**WHAT YOU WILL DO**. Set the data down again so that every line matches exactly.

(Beginning of RECORDS FOR THE EXERCISE)

Lemma pmm_fejer k : sqn (z k - Zs) + sqn (w k - Ws) <= sqn (z 0 - Zs) + sqn (w 0 - Ws).
Proof.
apply: le_trans (pmm_sep_telescope k Zs Ws); rewrite lerDr.
rewrite big_nat_cond sumr_ge0 // => j /andP[/andP[j_ge1 _] _].
by rewrite mulr_ge0 ?sep_ge0 // mulr_ge0 ?rho_gam_ge0.
Qed.

Lemma pmm_anchor_sqn j : (1 <= j)%N ->
  sqn (z 0 - pmm_y j) + sqn (w 0 - (d - V j))
  <= 8 * (sqn (z 0 - Zs) + sqn (w 0 - Ws))
     + 2 * (lam ^+ 2 * sqn (U j + V j - d) + sqn (d - V j - w j.-1)).
Proof.
move=> j_ge1; have := pmm_fejer j.-1.
have := sqnB_le (z 0) (z j.-1) (pmm_y j); have := sqnB_le (w 0) (w j.-1) (d - V j).
have := sqnB_le (z 0) Zs (z j.-1); have := sqnB_le (w 0) Ws (w j.-1).
rewrite (sqnBC Zs) (sqnBC Ws) (sqnBC (w j.-1) (d - V j)).
have -> : sqn (z j.-1 - pmm_y j) = lam ^+ 2 * sqn (U j + V j - d).
  by rewrite /pmm_y /pmm_x; vec_field.
lra.
Qed.

Lemma pmm_ergodic_bound k : 0 < Gam k ->
  \sum_(1 <= j < k.+1) rho j * gam j *
    (dotp (wmean tau U k - U j) (pmm_y j) + dotp (wmean tau V k - V j) (pmm_x j))
  <= (Gam k)^-1 * \sum_(1 <= j < k.+1) rho j * gam j *
         (lam ^+ 2 * sqn (U j + V j - d) + sqn (d - V j - w j.-1))
     + 4 * (sqn (z 0 - Zs) + sqn (w 0 - Ws)).
Proof.
move=> G_gt0; have G_neq0 := lt0r_neq0 G_gt0.
rewrite -sum_pmm_sep_wmean //.
set G := Gam k in G_gt0 G_neq0 *.
set S := \sum_(1 <= j < k.+1) rho j * gam j * (_ + _).
set D0 := sqn (z 0 - Zs) + sqn (w 0 - Ws).
set Yb := wmean tau pmm_y k; set Vb := wmean tau V k.
have telescope : 2 * \sum_(1 <= j < k.+1) rho j * gam j * pmm_sep j Yb (d - Vb)
    <= sqn (z 0 - Yb) + sqn (w 0 - (d - Vb)).
  rewrite mulr_sumr; under eq_bigr do rewrite mulrA.
  by apply: le_trans (pmm_sep_telescope k Yb (d - Vb)); rewrite lerDl addr_ge0 ?sqn_ge0.
have jensen : G * (sqn (z 0 - Yb) + sqn (w 0 - (d - Vb)))
    <= \sum_(1 <= j < k.+1) rho j * gam j * (sqn (z 0 - pmm_y j) + sqn (w 0 - (d - V j))).
  under [X in _ <= X]eq_bigr do rewrite mulrDr.
  rewrite mulrDr big_split /=; apply: lerD; first exact: wmean_sqn_le G_neq0 _ _ rho_gam_ge0.
  by rewrite /Vb -wmean_subl //; exact: wmean_sqn_le G_neq0 _ _ rho_gam_ge0.
have anchor : \sum_(1 <= j < k.+1) rho j * gam j * (sqn (z 0 - pmm_y j) + sqn (w 0 - (d - V j)))
    <= \sum_(1 <= j < k.+1) rho j * gam j *
         (8 * D0 + 2 * (lam ^+ 2 * sqn (U j + V j - d) + sqn (d - V j - w j.-1))).
  rewrite big_nat_cond [X in _ <= X]big_nat_cond; apply: ler_sum => j /andP[/andP[j_ge1 _] _].
  by apply: ler_wpM2l; [exact: rho_gam_ge0 | exact: pmm_anchor_sqn].
have anchor_sum : \sum_(1 <= j < k.+1) rho j * gam j *
    (8 * D0 + 2 * (lam ^+ 2 * sqn (U j + V j - d) + sqn (d - V j - w j.-1)))
    = 8 * D0 * G + 2 * S.
  by rewrite /G /S !mulr_sumr -big_split /=; apply: eq_bigr => j _; ring.
rewrite -(ler_pM2l G_gt0) mulrDr mulrA mulfV // mul1r.
have := ler_wpM2l (ltW G_gt0) telescope; lra.
Qed.

End SepNonneg.
End Fejer.

Section PMMRun.
Variables (R : realType) (m1 m2 n : nat) (f : 'rV[R]_m1 -> \bar R) (g : 'rV[R]_m2 -> \bar R)
  (M : 'M[R]_(m1, n)) (C : 'M[R]_(m2, n)) (d : 'rV[R]_n) (lam rhob : R)
  (u : nat -> 'rV[R]_m1) (v : nat -> 'rV[R]_m2) (z w : nat -> 'rV[R]_n) (gam rho : nat -> R).
Hypotheses (pf : pcc f) (pg : pcc g) (lam_gt0 : 0 < lam) (rhob_lt1 : rhob < 1)
  (run : PMM_run f g M C d lam rhob u v z w gam rho).

Local Notation U := (fun j => u j *m M).
Local Notation V := (fun j => v j *m C).
Local Notation tau := (fun j => rho j * gam j).
Local Notation Gam k := (\sum_(1 <= j < k.+1) rho j * gam j).

Lemma pmm_z_step j : (1 <= j)%N -> z j = z j.-1 + (rho j * gam j) *: (U j + V j - d).
Proof. by move=> j_ge1; case: (run j_ge1) => _ _ _ _ []. Qed.

Lemma pmm_w_step j : (1 <= j)%N -> w j = w j.-1 - (rho j * gam j * lam) *: (w j.-1 - U j).
Proof. by move=> j_ge1; case: (run j_ge1) => _ _ _ _ []. Qed.

Lemma pmm_residual_gt0 j : (1 <= j)%N ->
  0 < sqn (u j *m M + v j *m C - d) + sqn (u j *m M - w j.-1).
Proof.
move=> j_ge1; case: (run j_ge1) => _ _ + _ _.
set a := u j *m M + v j *m C - d; set b := u j *m M - w j.-1 => ab_neq0.
rewrite lt_def addr_ge0 ?sqn_ge0 // andbT; apply: contra ab_neq0 => /eqP ab0.
have /eqP : sqn a = 0 by have := sqn_ge0 a; have := sqn_ge0 b; lra.
have /eqP : sqn b = 0 by have := sqn_ge0 a; have := sqn_ge0 b; lra.
by rewrite !sqn_eq0 => /eqP-> /eqP->; rewrite /enorm /sqn dotp0r sqrtr0 addr0.
Qed.

Lemma pmm_denom_gt0 j : (1 <= j)%N ->
  0 < sqn (u j *m M + v j *m C - d) + lam ^+ 2 * sqn (u j *m M - w j.-1).
Proof.
move=> j_ge1; have := pmm_residual_gt0 j_ge1.
set a := u j *m M + v j *m C - d; set b := u j *m M - w j.-1 => ab_gt0.
have [b_gt0 | b_le0] := ltrP 0 (sqn b).
  by rewrite ltr_wpDl ?sqn_ge0 // mulr_gt0 // exprn_gt0.
have -> : sqn b = 0 by have := sqn_ge0 b; lra.
by rewrite mulr0 addr0; have := sqn_ge0 b; lra.
Qed.

Lemma pmm_gam_eq j : (1 <= j)%N ->
  gam j * (sqn (u j *m M + v j *m C - d) + lam ^+ 2 * sqn (u j *m M - w j.-1))
  = lam * sqn (v j *m C - d + w j.-1) + lam * dotp (d - v j *m C - u j *m M) (w j.-1 - u j *m M).
Proof.
move=> j_ge1; case: (run j_ge1) => _ _ _ [-> _] _.
by rewrite divfK // lt0r_neq0 ?pmm_denom_gt0.
Qed.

(End of RECORDS FOR THE EXERCISE)

**RESPONSE TO THE EXERCISE**.
Lemma pmm_fejer k : sqn (z k - Zs) + sqn (w k - Ws) <= sqn (z 0 - Zs) + sqn (w 0 - Ws).
Proof.
apply: le_trans (pmm_sep_telescope k Zs Ws); rewrite lerDr.
rewrite big_nat_cond sumr_ge0 // => j /andP[/andP[j_ge1 _] _].
by rewrite mulr_ge0 ?sep_ge0 // mulr_ge0 ?rho_gam_ge0.
Qed.

Lemma pmm_anchor_sqn j : (1 <= j)%N ->
  sqn (z 0 - pmm_y j) + sqn (w 0 - (d - V j))
  <= 8 * (sqn (z 0 - Zs) + sqn (w 0 - Ws))
     + 2 * (lam ^+ 2 * sqn (U j + V j - d) + sqn (d - V j - w j.-1)).
Proof.
move=> j_ge1; have := pmm_fejer j.-1.
have := sqnB_le (z 0) (z j.-1) (pmm_y j); have := sqnB_le (w 0) (w j.-1) (d - V j).
have := sqnB_le (z 0) Zs (z j.-1); have := sqnB_le (w 0) Ws (w j.-1).
rewrite (sqnBC Zs) (sqnBC Ws) (sqnBC (w j.-1) (d - V j)).
have -> : sqn (z j.-1 - pmm_y j) = lam ^+ 2 * sqn (U j + V j - d).
  by rewrite /pmm_y /pmm_x; vec_field.
lra.
Qed.

Lemma pmm_ergodic_bound k : 0 < Gam k ->
  \sum_(1 <= j < k.+1) rho j * gam j *
    (dotp (wmean tau U k - U j) (pmm_y j) + dotp (wmean tau V k - V j) (pmm_x j))
  <= (Gam k)^-1 * \sum_(1 <= j < k.+1) rho j * gam j *
         (lam ^+ 2 * sqn (U j + V j - d) + sqn (d - V j - w j.-1))
     + 4 * (sqn (z 0 - Zs) + sqn (w 0 - Ws)).
Proof.
move=> G_gt0; have G_neq0 := lt0r_neq0 G_gt0.
rewrite -sum_pmm_sep_wmean //.
set G := Gam k in G_gt0 G_neq0 *.
set S := \sum_(1 <= j < k.+1) rho j * gam j * (_ + _).
set D0 := sqn (z 0 - Zs) + sqn (w 0 - Ws).
set Yb := wmean tau pmm_y k; set Vb := wmean tau V k.
have telescope : 2 * \sum_(1 <= j < k.+1) rho j * gam j * pmm_sep j Yb (d - Vb)
    <= sqn (z 0 - Yb) + sqn (w 0 - (d - Vb)).
  rewrite mulr_sumr; under eq_bigr do rewrite mulrA.
  by apply: le_trans (pmm_sep_telescope k Yb (d - Vb)); rewrite lerDl addr_ge0 ?sqn_ge0.
have jensen : G * (sqn (z 0 - Yb) + sqn (w 0 - (d - Vb)))
    <= \sum_(1 <= j < k.+1) rho j * gam j * (sqn (z 0 - pmm_y j) + sqn (w 0 - (d - V j))).
  under [X in _ <= X]eq_bigr do rewrite mulrDr.
  rewrite mulrDr big_split /=; apply: lerD; first exact: wmean_sqn_le G_neq0 _ _ rho_gam_ge0.
  by rewrite /Vb -wmean_subl //; exact: wmean_sqn_le G_neq0 _ _ rho_gam_ge0.
have anchor : \sum_(1 <= j < k.+1) rho j * gam j * (sqn (z 0 - pmm_y j) + sqn (w 0 - (d - V j)))
    <= \sum_(1 <= j < k.+1) rho j * gam j *
         (8 * D0 + 2 * (lam ^+ 2 * sqn (U j + V j - d) + sqn (d - V j - w j.-1))).
  rewrite big_nat_cond [X in _ <= X]big_nat_cond; apply: ler_sum => j /andP[/andP[j_ge1 _] _].
  by apply: ler_wpM2l; [exact: rho_gam_ge0 | exact: pmm_anchor_sqn].
have anchor_sum : \sum_(1 <= j < k.+1) rho j * gam j *
    (8 * D0 + 2 * (lam ^+ 2 * sqn (U j + V j - d) + sqn (d - V j - w j.-1)))
    = 8 * D0 * G + 2 * S.
  by rewrite /G /S !mulr_sumr -big_split /=; apply: eq_bigr => j _; ring.
rewrite -(ler_pM2l G_gt0) mulrDr mulrA mulfV // mul1r.
have := ler_wpM2l (ltW G_gt0) telescope; lra.
Qed.

End SepNonneg.
End Fejer.

Section PMMRun.
Variables (R : realType) (m1 m2 n : nat) (f : 'rV[R]_m1 -> \bar R) (g : 'rV[R]_m2 -> \bar R)
  (M : 'M[R]_(m1, n)) (C : 'M[R]_(m2, n)) (d : 'rV[R]_n) (lam rhob : R)
  (u : nat -> 'rV[R]_m1) (v : nat -> 'rV[R]_m2) (z w : nat -> 'rV[R]_n) (gam rho : nat -> R).
Hypotheses (pf : pcc f) (pg : pcc g) (lam_gt0 : 0 < lam) (rhob_lt1 : rhob < 1)
  (run : PMM_run f g M C d lam rhob u v z w gam rho).

Local Notation U := (fun j => u j *m M).
Local Notation V := (fun j => v j *m C).
Local Notation tau := (fun j => rho j * gam j).
Local Notation Gam k := (\sum_(1 <= j < k.+1) rho j * gam j).

Lemma pmm_z_step j : (1 <= j)%N -> z j = z j.-1 + (rho j * gam j) *: (U j + V j - d).
Proof. by move=> j_ge1; case: (run j_ge1) => _ _ _ _ []. Qed.

Lemma pmm_w_step j : (1 <= j)%N -> w j = w j.-1 - (rho j * gam j * lam) *: (w j.-1 - U j).
Proof. by move=> j_ge1; case: (run j_ge1) => _ _ _ _ []. Qed.

Lemma pmm_residual_gt0 j : (1 <= j)%N ->
  0 < sqn (u j *m M + v j *m C - d) + sqn (u j *m M - w j.-1).
Proof.
move=> j_ge1; case: (run j_ge1) => _ _ + _ _.
set a := u j *m M + v j *m C - d; set b := u j *m M - w j.-1 => ab_neq0.
rewrite lt_def addr_ge0 ?sqn_ge0 // andbT; apply: contra ab_neq0 => /eqP ab0.
have /eqP : sqn a = 0 by have := sqn_ge0 a; have := sqn_ge0 b; lra.
have /eqP : sqn b = 0 by have := sqn_ge0 a; have := sqn_ge0 b; lra.
by rewrite !sqn_eq0 => /eqP-> /eqP->; rewrite /enorm /sqn dotp0r sqrtr0 addr0.
Qed.

Lemma pmm_denom_gt0 j : (1 <= j)%N ->
  0 < sqn (u j *m M + v j *m C - d) + lam ^+ 2 * sqn (u j *m M - w j.-1).
Proof.
move=> j_ge1; have := pmm_residual_gt0 j_ge1.
set a := u j *m M + v j *m C - d; set b := u j *m M - w j.-1 => ab_gt0.
have [b_gt0 | b_le0] := ltrP 0 (sqn b).
  by rewrite ltr_wpDl ?sqn_ge0 // mulr_gt0 // exprn_gt0.
have -> : sqn b = 0 by have := sqn_ge0 b; lra.
by rewrite mulr0 addr0; have := sqn_ge0 b; lra.
Qed.

Lemma pmm_gam_eq j : (1 <= j)%N ->
  gam j * (sqn (u j *m M + v j *m C - d) + lam ^+ 2 * sqn (u j *m M - w j.-1))
  = lam * sqn (v j *m C - d + w j.-1) + lam * dotp (d - v j *m C - u j *m M) (w j.-1 - u j *m M).
Proof.
move=> j_ge1; case: (run j_ge1) => _ _ _ [-> _] _.
by rewrite divfK // lt0r_neq0 ?pmm_denom_gt0.
Qed.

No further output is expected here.